Betty Branch is an artist who is constantly reinventing herself. Her media is diverse; She sculpts in wax, clay, fiber, straw, and stone. Throughout her career in intensive production, she has culled visual references from ancient matriarchal civilizations to current cultural events, from Greece to the foothills of the Blue Ridge. Her work is defined by lifelong tenets: the body, rites of passage, the intersection between land and form, and the myth and form of crow and raven.

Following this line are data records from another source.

(* Let $q=r^2$ where $r$ is a prime power and let $s$ be a positive integer. Let $C_1,\dots,C_s$ be linear codes of the same length $m$ over $\mathbb{F}_q$. If $A\in M_{s,s}(\mathbb{F}_q)$ satisfies $AA^\dagger=\lambda J_s$ for some nonzero $\lambda\in\mathbb{F}_q$ and $C_i\subseteq C_{s-i+1}^{\perp_H}$ for all $1\le i\le s$, then the matrix-product code $C_A=[C_1,\dots,C_s]\cdot A$ satisfies $C_A\subseteq C_A^{\perp_H}$.
   Context: For $a\in\mathbb{F}_q$, $\overline{a}:=a^r$. For a matrix $A=[a_{ij}]$ over $\mathbb{F}_q$, $A^\dagger:=[\overline{a_{ji}}]$. $J_s$ is the $s\times s$ anti-diagonal matrix with all anti-diagonal entries equal to $1$ and all other entries $0$. The Hermitian inner product on $\mathbb{F}_q^n$ is $\langle u,v\rangle_H=\sum_i u_i\overline{v_i}$, and $C^{\perp_H}$ is the dual of $C$ with respect to it. If $C_i$ has generator matrix $G_i$ and $A=[a_{ij}]\in M_{s,l}(\mathbb{F}_q)$, the matrix-product code $[C_1,\dots,C_s]\cdot A$ is the linear code of length $ml$ generated by the block matrix whose $(i,j)$ block is $a_{ij}G_i$. *)

From HB Require Import structures.
From mathcomp Require Import all_boot all_order all_algebra all_field.
Set Implicit Arguments. Unset Strict Implicit. Unset Printing Implicit Defensive.
Import GRing.Theory.
Local Open Scope ring_scope.

Definition hconj (F : finFieldType) (r : nat) (a : F) : F := a ^+ r.

Definition hdagger (F : finFieldType) (r : nat) (m n : nat) (A : 'M[F]_(m, n))
  : 'M[F]_(n, m) := \matrix_(i, j) hconj r (A j i).

(* J_s : anti-diagonal all-ones matrix (0-based: entry (i,j) is 1 iff i + j = s - 1) *)
Definition antidiag (F : finFieldType) (s : nat) : 'M[F]_s :=
  \matrix_(i, j) (if (i + j == s.-1)%N then 1 else 0).

Definition hip (F : finFieldType) (r n : nat) (u v : 'rV[F]_n) : F :=
  \sum_(i < n) u 0 i * hconj r (v 0 i).

(* A linear code is given by a generator matrix G; its codewords are the row
   vectors in the row space of G. *)
Definition in_code (F : finFieldType) (k n : nat) (G : 'M[F]_(k, n)) (v : 'rV[F]_n)
  : Prop := (v <= G)%MS.

Definition in_hdual (F : finFieldType) (r k n : nat) (G : 'M[F]_(k, n)) (v : 'rV[F]_n)
  : Prop := forall c, in_code G c -> hip r v c = 0.

Definition sub_hdual (F : finFieldType) (r k1 k2 n : nat)
  (C : 'M[F]_(k1, n)) (D : 'M[F]_(k2, n)) : Prop :=
  forall v, in_code C v -> in_hdual r D v.

(* Matrix-product code [C_1,...,C_s] . A, generated by the block matrix whose
   (i,j) block is a_ij G_i. *)
Definition mp_code (F : finFieldType) (s l m : nat) (k : 'I_s -> nat)
  (G : forall i : 'I_s, 'M[F]_(k i, m)) (A : 'M[F]_(s, l))
  : 'M[F]_(\sum_(i < s) k i, \sum_(j < l) m) :=
  \mxblock_(i < s, j < l) (A i j *: G i).

(* The Hermitian form is sesquilinear (conjugation x |-> x^r is additive since
   r is a power of the characteristic), so the Hermitian product of two
   codewords of [C_1, ..., C_s] . A, with components c_i, d_l in C_i, C_l, is
   the sum over (i, l) of (A A^dagger)_il <c_i, d_l>_H.  As A A^dagger is a
   multiple of J_s only the terms with l = s - i + 1 survive, and those vanish
   because C_i is Hermitian-orthogonal to C_(s-i+1). *)

From HB Require Import structures.
From mathcomp Require Import all_boot all_order all_algebra all_field.
From mathcomp Require Import zify.
Import GRing.Theory.
Local Open Scope ring_scope.

Lemma pchar_nat_card_sqrt (F : finFieldType) (p e : nat) :
  prime p -> #|F| = ((p ^ e) ^ 2)%N -> [pchar F].-nat (p ^ e)%N.
Proof.
move=> p_pr cardF.
have p_char : p \in [pchar F].
  by apply: (card_finPcharP (n := (e * 2)%N)); rewrite // cardF expnM.
by rewrite pnatX (eq_pnat _ (pcharf_eq p_char)) pnat_id.
Qed.

Lemma antidiag_revE (F : finFieldType) (s : nat) (i l : 'I_s) :
  antidiag F s i l = (l == rev_ord i)%:R.
Proof.
rewrite mxE; suff -> : (i + l == s.-1)%N = (l == rev_ord i) by case: (_ == _).
apply/eqP/eqP => [sum_il | ->] /=.
  by apply/val_inj => /=; move: (ltn_ord i) sum_il; lia.
by move: (ltn_ord i); lia.
Qed.

Lemma hip_mxrow (F : finFieldType) (r s m : nat) (u w : 'I_s -> 'rV[F]_m) :
  hip r (\mxrow_j u j) (\mxrow_j w j) = \sum_j hip r (u j) (w j).
Proof.
have hipE n (x y : 'rV[F]_n) : hip r x y = (x *m (map_mx (hconj r) y)^T) 0 0.
  by rewrite /hip !mxE; apply: eq_bigr => t _; rewrite !mxE.
rewrite hipE.
have -> : map_mx (hconj r) (\mxrow_j w j) = \mxrow_j map_mx (hconj r) (w j).
  by apply/matrixP => i j; rewrite !mxE.
rewrite tr_mxrow mul_mxrow_mxcol summxE.
by apply: eq_bigr => j _; rewrite hipE.
Qed.

Section Sesquilinear.

Variables (F : finFieldType) (r : nat).
Hypothesis r_pchar : [pchar F].-nat r.

Lemma hconj_sum (I : finType) (f : I -> F) :
  hconj r (\sum_i f i) = \sum_i hconj r (f i).
Proof.
apply: (big_morph (hconj r)) => [a b|]; first exact: exprDn_pchar.
by rewrite /hconj expr0n; case/andP: r_pchar => /lt0n_neq0 /negPf ->.
Qed.

Lemma hip_sumZ n (s : nat) (a b : 'I_s -> F) (c d : 'I_s -> 'rV[F]_n) :
  hip r (\sum_i a i *: c i) (\sum_l b l *: d l) =
  \sum_i \sum_l a i * hconj r (b l) * hip r (c i) (d l).
Proof.
rewrite /hip.
under eq_bigr => t _ do (rewrite !summxE hconj_sum mulr_suml;
  under eq_bigr => i _ do rewrite mulr_sumr).
rewrite exchange_big /=; apply: eq_bigr => i _.
rewrite exchange_big /=; apply: eq_bigr => l _.
rewrite mulr_sumr; apply: eq_bigr => t _.
by rewrite !mxE /hconj exprMn mulrACA.
Qed.

Lemma hip_mp_code (s l m : nat) (k : 'I_s -> nat)
    (G : forall i : 'I_s, 'M[F]_(k i, m)) (A : 'M[F]_(s, l))
    (x y : 'rV[F]_(\sum_(i < s) k i)) :
  hip r (x *m mp_code G A) (y *m mp_code G A) =
  \sum_i \sum_i' (A *m hdagger r A) i i'
                 * hip r (submxrow x i *m G i) (submxrow y i' *m G i').
Proof.
rewrite -[in LHS](submxrowK x) -[in LHS](submxrowK y) /mp_code.
rewrite !mul_mxrow_mxblock hip_mxrow.
under eq_bigr => j _ do
  (under eq_bigr => i _ do rewrite -scalemxAr;
   under [in X in hip _ _ X]eq_bigr => i _ do rewrite -scalemxAr;
   rewrite hip_sumZ).
rewrite exchange_big /=; apply: eq_bigr => i _.
rewrite exchange_big /=; apply: eq_bigr => i' _.
by rewrite mxE mulr_suml; apply: eq_bigr => j _; rewrite [hdagger _ _ _ _]mxE.
Qed.

End Sesquilinear.

Theorem corollary3p2 (F : finFieldType) (r : nat)
  (Hr : exists p e : nat, [/\ prime p, (0 < e)%N & r = (p ^ e)%N])
  (Hq : #|F| = (r ^ 2)%N)
  (s m : nat) (Hs : (0 < s)%N)
  (k : 'I_s -> nat) (G : forall i : 'I_s, 'M[F]_(k i, m))
  (A : 'M[F]_s) (lambda : F) (Hlam : lambda != 0)
  (HA : A *m hdagger r A = lambda *: antidiag F s)
  (HC : forall i : 'I_s, sub_hdual r (G i) (G (rev_ord i))) :
  sub_hdual r (mp_code G A) (mp_code G A).
Proof.
have r_pchar : [pchar F].-nat r.
  by case: Hr => p [e [p_pr _ r_def]]; rewrite r_def pchar_nat_card_sqrt -?r_def.
move=> _ /submxP[x ->] _ /submxP[y ->].
rewrite hip_mp_code //; apply: big1 => i _; apply: big1 => i' _.
rewrite HA mxE antidiag_revE; case: eqP => [-> | _]; last by rewrite mulr0 mul0r.
by rewrite (HC i _ (submxMl _ _) _ (submxMl _ _)) mulr0.
Qed.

Branch’s award-winning art has been widely exhibited in the US and abroad, with works from small to monumental in private, corporate, university, and museum collections. She maintains a studio and gallery in Roanoke, VA.

Artemis Speaks Podcast

Starroot grew up in Southern Germany and started to create art at an early age, inspired by nature and her unlimited fantasy. She explored and practiced conscious dreaming in her early childhood. She is an entirely self-taught artist. When she was 30 years old, she had a life-changing Out of Body experience in a car accident. Starroot opened more and more for visions coming to her. In 1986 she moved with her two children to Tennessee and then to the Blue Ridge Mountains of Virginia.